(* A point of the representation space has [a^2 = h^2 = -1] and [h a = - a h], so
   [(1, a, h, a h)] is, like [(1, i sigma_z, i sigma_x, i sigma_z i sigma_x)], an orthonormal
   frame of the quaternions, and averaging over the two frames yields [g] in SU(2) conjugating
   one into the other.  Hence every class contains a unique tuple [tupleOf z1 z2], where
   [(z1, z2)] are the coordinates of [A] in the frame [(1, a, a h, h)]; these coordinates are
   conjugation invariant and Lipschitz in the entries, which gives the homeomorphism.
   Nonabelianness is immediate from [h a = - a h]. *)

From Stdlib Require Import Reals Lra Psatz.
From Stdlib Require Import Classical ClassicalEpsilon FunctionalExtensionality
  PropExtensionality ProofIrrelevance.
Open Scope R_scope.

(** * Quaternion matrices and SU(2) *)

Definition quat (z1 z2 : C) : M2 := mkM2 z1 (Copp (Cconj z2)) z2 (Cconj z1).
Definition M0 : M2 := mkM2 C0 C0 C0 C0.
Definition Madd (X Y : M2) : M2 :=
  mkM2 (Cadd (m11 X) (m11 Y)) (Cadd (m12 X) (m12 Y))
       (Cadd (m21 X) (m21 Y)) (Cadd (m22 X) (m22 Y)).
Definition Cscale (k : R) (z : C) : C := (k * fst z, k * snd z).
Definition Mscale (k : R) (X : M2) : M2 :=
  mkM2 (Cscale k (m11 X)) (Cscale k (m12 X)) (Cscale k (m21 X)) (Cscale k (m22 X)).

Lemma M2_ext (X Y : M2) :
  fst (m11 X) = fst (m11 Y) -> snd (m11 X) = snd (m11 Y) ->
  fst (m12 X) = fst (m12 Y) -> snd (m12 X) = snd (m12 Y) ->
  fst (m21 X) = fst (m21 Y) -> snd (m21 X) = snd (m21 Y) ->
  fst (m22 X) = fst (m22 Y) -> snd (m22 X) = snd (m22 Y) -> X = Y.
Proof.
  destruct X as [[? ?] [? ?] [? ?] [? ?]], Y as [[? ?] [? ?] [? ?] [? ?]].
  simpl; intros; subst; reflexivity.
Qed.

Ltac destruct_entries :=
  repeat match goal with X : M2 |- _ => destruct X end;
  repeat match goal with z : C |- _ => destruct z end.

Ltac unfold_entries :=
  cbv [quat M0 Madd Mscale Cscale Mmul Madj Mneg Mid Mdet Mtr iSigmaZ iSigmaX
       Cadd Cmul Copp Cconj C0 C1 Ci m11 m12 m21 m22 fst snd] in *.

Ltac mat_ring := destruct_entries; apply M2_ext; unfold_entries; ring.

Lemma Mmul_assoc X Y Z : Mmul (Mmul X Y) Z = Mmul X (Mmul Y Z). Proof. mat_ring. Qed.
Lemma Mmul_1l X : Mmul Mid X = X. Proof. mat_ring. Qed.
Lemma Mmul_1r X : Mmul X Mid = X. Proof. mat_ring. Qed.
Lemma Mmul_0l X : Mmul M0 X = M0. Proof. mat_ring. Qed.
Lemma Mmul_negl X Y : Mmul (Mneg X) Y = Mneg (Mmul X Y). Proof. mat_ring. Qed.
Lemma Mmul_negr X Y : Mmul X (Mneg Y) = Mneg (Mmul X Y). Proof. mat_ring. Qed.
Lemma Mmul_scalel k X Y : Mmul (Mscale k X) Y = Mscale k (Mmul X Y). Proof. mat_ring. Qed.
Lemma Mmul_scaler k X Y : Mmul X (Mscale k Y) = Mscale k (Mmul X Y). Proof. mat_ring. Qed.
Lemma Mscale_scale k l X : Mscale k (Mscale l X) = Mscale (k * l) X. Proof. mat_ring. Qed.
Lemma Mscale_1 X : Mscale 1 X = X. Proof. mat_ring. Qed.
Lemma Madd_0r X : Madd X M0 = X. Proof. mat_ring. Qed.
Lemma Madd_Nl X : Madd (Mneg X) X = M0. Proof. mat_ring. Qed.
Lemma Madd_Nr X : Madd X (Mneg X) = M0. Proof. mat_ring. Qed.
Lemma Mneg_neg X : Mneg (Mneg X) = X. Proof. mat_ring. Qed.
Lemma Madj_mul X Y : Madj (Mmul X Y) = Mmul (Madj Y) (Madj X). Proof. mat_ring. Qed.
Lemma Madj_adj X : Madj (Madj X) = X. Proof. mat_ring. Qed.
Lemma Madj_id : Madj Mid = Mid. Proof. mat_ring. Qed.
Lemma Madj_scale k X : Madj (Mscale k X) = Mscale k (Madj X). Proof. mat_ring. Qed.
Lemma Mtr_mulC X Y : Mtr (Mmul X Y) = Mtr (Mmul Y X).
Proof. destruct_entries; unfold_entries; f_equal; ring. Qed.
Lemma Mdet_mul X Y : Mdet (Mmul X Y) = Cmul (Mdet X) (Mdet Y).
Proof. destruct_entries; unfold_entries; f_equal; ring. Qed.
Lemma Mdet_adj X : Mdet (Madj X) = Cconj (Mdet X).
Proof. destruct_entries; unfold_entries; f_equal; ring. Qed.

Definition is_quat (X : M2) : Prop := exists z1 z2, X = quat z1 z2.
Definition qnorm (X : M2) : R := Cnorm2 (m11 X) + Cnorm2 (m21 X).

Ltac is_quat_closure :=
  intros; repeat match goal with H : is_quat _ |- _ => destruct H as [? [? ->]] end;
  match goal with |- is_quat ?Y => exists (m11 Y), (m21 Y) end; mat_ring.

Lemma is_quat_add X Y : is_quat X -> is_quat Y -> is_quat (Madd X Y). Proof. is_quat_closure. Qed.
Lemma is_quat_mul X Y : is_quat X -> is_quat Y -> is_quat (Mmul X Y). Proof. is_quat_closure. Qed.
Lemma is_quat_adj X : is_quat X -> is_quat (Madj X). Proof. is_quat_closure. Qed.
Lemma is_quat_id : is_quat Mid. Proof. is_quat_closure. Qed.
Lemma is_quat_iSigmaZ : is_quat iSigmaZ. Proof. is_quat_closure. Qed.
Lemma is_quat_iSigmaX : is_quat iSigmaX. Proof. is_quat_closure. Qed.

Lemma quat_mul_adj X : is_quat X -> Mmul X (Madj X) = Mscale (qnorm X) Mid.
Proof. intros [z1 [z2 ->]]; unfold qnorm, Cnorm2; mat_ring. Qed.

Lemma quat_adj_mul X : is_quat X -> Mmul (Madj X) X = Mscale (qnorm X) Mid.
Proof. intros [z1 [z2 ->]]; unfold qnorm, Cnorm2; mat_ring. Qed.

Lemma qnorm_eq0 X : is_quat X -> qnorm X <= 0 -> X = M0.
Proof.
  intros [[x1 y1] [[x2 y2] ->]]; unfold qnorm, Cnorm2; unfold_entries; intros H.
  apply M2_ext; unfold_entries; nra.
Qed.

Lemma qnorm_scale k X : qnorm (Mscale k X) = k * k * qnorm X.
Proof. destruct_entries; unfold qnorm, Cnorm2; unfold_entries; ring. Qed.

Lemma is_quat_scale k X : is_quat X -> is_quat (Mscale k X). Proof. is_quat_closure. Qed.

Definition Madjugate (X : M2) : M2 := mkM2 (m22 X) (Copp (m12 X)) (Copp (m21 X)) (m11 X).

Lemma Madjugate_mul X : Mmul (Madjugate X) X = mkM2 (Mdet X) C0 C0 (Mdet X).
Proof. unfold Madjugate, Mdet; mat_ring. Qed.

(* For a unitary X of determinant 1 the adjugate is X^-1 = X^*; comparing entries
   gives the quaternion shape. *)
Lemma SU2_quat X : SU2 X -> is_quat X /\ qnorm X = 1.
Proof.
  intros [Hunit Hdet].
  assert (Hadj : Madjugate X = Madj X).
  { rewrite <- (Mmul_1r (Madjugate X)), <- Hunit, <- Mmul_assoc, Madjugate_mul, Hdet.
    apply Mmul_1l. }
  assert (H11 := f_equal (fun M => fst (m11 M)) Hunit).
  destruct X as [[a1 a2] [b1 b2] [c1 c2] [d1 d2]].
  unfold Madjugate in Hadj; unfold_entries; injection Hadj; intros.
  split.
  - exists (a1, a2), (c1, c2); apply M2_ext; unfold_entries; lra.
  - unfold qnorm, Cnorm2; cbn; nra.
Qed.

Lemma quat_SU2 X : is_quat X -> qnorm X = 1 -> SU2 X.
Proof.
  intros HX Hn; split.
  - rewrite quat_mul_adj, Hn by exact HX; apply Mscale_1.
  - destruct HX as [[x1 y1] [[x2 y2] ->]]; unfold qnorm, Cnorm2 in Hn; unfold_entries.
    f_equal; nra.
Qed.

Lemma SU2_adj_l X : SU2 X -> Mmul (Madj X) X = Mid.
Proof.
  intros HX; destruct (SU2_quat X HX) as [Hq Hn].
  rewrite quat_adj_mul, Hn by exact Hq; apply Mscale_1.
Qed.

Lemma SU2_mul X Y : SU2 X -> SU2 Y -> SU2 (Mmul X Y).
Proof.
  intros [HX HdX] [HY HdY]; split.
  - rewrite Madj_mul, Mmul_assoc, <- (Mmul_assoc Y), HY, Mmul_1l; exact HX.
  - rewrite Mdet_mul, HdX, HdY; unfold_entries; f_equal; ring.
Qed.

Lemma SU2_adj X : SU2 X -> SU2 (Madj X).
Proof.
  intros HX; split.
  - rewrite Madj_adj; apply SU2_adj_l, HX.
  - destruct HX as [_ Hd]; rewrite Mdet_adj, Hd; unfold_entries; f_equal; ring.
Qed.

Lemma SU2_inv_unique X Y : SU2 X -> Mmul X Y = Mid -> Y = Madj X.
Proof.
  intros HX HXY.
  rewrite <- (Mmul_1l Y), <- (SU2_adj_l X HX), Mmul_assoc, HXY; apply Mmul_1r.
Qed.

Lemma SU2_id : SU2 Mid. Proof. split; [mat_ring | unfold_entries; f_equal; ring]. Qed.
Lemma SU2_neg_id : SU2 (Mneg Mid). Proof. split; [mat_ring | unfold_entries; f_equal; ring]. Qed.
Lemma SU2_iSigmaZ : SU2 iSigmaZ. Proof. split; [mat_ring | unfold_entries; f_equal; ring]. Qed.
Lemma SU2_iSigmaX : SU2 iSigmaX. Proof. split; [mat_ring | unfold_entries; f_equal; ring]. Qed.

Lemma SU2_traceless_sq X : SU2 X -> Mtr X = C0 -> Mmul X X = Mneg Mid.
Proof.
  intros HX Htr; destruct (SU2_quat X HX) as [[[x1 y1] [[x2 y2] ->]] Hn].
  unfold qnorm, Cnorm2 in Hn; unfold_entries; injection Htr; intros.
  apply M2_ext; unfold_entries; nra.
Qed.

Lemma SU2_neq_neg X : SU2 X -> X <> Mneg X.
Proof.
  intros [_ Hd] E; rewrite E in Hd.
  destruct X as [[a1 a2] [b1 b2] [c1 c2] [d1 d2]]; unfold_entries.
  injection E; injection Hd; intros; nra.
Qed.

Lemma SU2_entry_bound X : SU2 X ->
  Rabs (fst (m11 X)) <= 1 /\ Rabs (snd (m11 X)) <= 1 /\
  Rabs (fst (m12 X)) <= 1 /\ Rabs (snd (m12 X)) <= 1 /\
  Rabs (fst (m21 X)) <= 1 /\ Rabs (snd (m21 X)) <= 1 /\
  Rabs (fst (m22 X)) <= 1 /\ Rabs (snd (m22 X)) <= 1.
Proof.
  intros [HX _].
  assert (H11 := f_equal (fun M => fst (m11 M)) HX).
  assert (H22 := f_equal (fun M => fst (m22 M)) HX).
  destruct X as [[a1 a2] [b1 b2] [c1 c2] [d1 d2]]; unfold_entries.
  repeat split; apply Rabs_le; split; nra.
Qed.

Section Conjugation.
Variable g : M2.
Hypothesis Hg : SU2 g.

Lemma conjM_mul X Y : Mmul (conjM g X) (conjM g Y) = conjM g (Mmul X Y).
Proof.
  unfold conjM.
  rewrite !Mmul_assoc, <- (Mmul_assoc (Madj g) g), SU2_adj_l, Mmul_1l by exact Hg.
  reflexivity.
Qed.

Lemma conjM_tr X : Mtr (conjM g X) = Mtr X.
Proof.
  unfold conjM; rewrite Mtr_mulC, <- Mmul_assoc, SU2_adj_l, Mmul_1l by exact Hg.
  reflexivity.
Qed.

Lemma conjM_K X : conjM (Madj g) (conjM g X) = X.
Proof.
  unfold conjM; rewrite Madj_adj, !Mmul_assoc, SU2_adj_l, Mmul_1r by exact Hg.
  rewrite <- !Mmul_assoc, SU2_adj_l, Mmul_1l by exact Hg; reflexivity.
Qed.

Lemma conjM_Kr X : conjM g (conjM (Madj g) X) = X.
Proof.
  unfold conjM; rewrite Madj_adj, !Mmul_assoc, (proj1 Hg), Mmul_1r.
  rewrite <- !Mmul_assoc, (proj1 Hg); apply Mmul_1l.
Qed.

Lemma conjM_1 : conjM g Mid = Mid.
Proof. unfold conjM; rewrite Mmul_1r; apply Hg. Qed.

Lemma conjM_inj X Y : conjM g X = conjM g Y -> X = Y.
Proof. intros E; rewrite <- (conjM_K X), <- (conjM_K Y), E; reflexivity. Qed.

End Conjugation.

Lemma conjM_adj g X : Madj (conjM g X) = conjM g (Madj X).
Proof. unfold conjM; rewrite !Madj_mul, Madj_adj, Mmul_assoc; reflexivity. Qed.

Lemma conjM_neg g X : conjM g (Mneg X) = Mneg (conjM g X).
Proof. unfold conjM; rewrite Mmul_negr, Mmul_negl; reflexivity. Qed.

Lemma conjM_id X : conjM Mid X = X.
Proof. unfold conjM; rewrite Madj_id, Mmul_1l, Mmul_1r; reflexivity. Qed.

◇ ◇ ◇ ◇

• **PROBLEM DETAILS**
Write out again, exactly, the lines from the start of the entries up to and including the one with "From Stdlib Require Import Reals Lra Psatz.". Nothing else belongs in the reply.

• **OUTPUT**
(* A point of the representation space has [a^2 = h^2 = -1] and [h a = - a h], so
   [(1, a, h, a h)] is, like [(1, i sigma_z, i sigma_x, i sigma_z i sigma_x)], an orthonormal
   frame of the quaternions, and averaging over the two frames yields [g] in SU(2) conjugating
   one into the other.  Hence every class contains a unique tuple [tupleOf z1 z2], where
   [(z1, z2)] are the coordinates of [A] in the frame [(1, a, a h, h)]; these coordinates are
   conjugation invariant and Lipschitz in the entries, which gives the homeomorphism.
   Nonabelianness is immediate from [h a = - a h]. *)

From Stdlib Require Import Reals Lra Psatz.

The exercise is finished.